Microsoft StreamInsight - real-time data stream processing

As I said, our company works a lot with real-time data processing tasks. Solving various problems, we came up with rather curious and interesting solutions, which sometimes no one wrote on Habré. We will tell you about one such interesting system today. It was made by Microsoft, it is called StreamInsight and is the implementation of the so-called Complex Event Processing pattern. About what it is and why it is needed, we will tell you in detail inside.

Introduction

A long time ago, in the 1989th year, when the grass was greener, and in IT everything was somewhat simpler, people were just starting to think that it would be nice for databases not only to perform writing and reading requests, but also somehow difficult respond to incoming data. It all started with the so-called Active database systems , which could use the given sets of intrusions under certain predefined conditions. Those. in fact, it was the launch of the built-in procedures for an external trigger. In the 90s there were Data Stream Management Systems , who developed this idea. They already knew how to work with continuous streams of incoming data. It could already be not rare requests, but an honest stream of real-time data. At about the same time, people thought that sometimes the data coming into the database are not events, but rather external manifestations of these events: the readings of sensors registering them, notifications and notifications. Such systems began to be called Complex Event Processing .

Analyzing incoming data, such systems could both detect events (determining the fact of their occurrence, based on external data and embedded internal logic), and calculate analytical values (for example, counting the average number of events occurring over a certain period of time). Thus, the use of these systems implies that their internal logic must be aware of what “real” events are outside, and analyze the incoming data with a “target” on them.
')

Streaminsight

The project StreamInsight , which originated in the depths of Microsoft Research, was originally the implementation of this particular pattern. On the one hand, there is a whole class of tasks, operating with data streams that require a different (compared to relational databases) approach to the solution. On the other hand, lately, prices for data storage devices have fallen by orders of magnitude, and companies retain a huge amount of data on all sorts of aspects of system operation. Moreover, if expressed in business language, the value of this data sometimes falls rapidly in time: if you do not have time to react to an event, you lose your profit.

StreamInsight is a platform for building applications that work with streaming data. Most processing takes place in RAM, which allows for high throughput and low latency. The heart of this platform is the engine in which the so-called revolve. Standing Queues, written in declarative LINQ. Any incoming event immediately goes to processing in these queues.

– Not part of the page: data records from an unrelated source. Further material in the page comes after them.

(* Let $(X,Y,Z)$ be a random element whose sample space is partially ordered (with the product order on pairs). If $X\uparrow^{\mathrm{st}}Y$ and $Z$ is independent of $(X,Y)$, then $(X,Z)\uparrow^{\mathrm{st}}Y$ and $(X,Z)\uparrow^{\mathrm{st}}(Y,Z)$.
   Context: For random elements $A,B$ on partially ordered spaces, $A\uparrow^{\mathrm{st}}B$ ($A$ is stochastically increasing in $B$) means that the regular conditional probability $\Pr(A\in\cdot\mid B=b)$ exists and, for every bounded non-decreasing function $h$ of $A$, the map $b\mapsto\mathbb E[h(A)\mid B=b]$ is non-decreasing (i.e. $b\preceq b'$ implies $\mathbb E[h(A)\mid B=b]\le\mathbb E[h(A)\mid B=b']$). *)

From HB Require Import structures.
From mathcomp Require Import all_boot all_order all_algebra.
From mathcomp Require Import all_classical all_reals all_analysis.
Set Implicit Arguments. Unset Strict Implicit. Unset Printing Implicit Defensive.
Import Order.TTheory GRing.Theory Num.Theory.
Local Open Scope classical_set_scope.
Local Open Scope ring_scope.

Definition is_partial_order (A : Type) (le : A -> A -> Prop) : Prop :=
  [/\ (forall x, le x x),
      (forall x y, le x y -> le y x -> x = y) &
      (forall x y z, le x y -> le y z -> le x z)].

Definition prod_le (A B : Type) (leA : A -> A -> Prop) (leB : B -> B -> Prop)
  : A * B -> A * B -> Prop :=
  fun p q => leA p.1 q.1 /\ leB p.2 q.2.

Definition indep_re (R : realType) (d : measure_display) (Omega : measurableType d)
  (P : probability Omega R)
  (d1 : measure_display) (S1 : measurableType d1)
  (d2 : measure_display) (S2 : measurableType d2)
  (U : Omega -> S1) (V : Omega -> S2) : Prop :=
  forall (A : set S1) (B : set S2), measurable A -> measurable B ->
    P (U @^-1` A `&` V @^-1` B) = (P (U @^-1` A) * P (V @^-1` B))%E.

Definition is_rcd (R : realType) (d : measure_display) (Omega : measurableType d)
  (P : probability Omega R)
  (dA : measure_display) (SA : measurableType dA)
  (dB : measure_display) (SB : measurableType dB)
  (A : Omega -> SA) (B : Omega -> SB) (k : R.-pker SB ~> SA) : Prop :=
  forall (C : set SA) (D : set SB), measurable C -> measurable D ->
    (P (A @^-1` C `&` B @^-1` D) = \int[P]_(w in B @^-1` D) k (B w) C)%E.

The system allows you to do everything that the “right” CEP should do and more. For example:

Read all possible integral values
Modify and filter the data stream, remove duplicate events
Detect complex event patterns
Track the “absence” of an external event
With the latest versions, you can implement the publish / subscribe newsletter

It is seen that the possibilities and applications of this system are wider than the academic CEP. At the same time, the list of commercial applications is also quite large: web analytics, logistics and operational analysis, agoritmic trading, detection of cases of money laundering, fraud with payment cards, monitoring of business activity and security.
A more complete list of use scenes can be found here.

Here, for example, is an interesting use case in which SI minits patterns using data from stored logs, and then it detects these patterns in a real-time data stream:

Architectural Details

Here is another beautiful MSDN picture that describes the SI device inside:

As already mentioned, the basis of the engine are Standing Queues, constantly spinning inside the engine. Another basic component are adapters: input and output. They allow you to connect SI with the outside world and use all sorts of data sources. Some of the most popular adapters come with the platform, the rest will have to be written in C #.
You can read about how the Queues inside work in full detail in the following document: Hitchhiker's Guide to the ~~Galaxy~~ StreamInsayt . I will try to describe the overall picture necessary for understanding.

Firstly, all events (even atomic events) inside the StreamInsight engine have a certain duration, event data and payload (meaningful load). And the majority of operands working with these events, consider the so-called Event Windows - time windows, within which operations with data occur.

On this platform (using LINQ) you can do the following:

Event selections (filter)
Calculations on payload (project)
Join correlation
Grouping and splitting threads (group and apply)
Aggregation (sum, count, ...) inside time windows
Ranked (topK) inside time windows

An important point is that the output from one Queue can be sent to another Queue, which allows you to manage data processing more flexibly (for example, realize publish / subscribe)

Deployment and cost

With all this, StreamInsight is not a big and cumbersome system that requires a developed infrastructure. It can be used directly in your application, embedded in the form of dll. In this case, the limit on performance will be only the amount of allocated RAM. You can also start the StreamInsight engine separately, in stand-alone mode. In this way, you can make systems in which the product is applied in different places: near sources of information for filtering, and in a processing center when extracting the necessary data from streams.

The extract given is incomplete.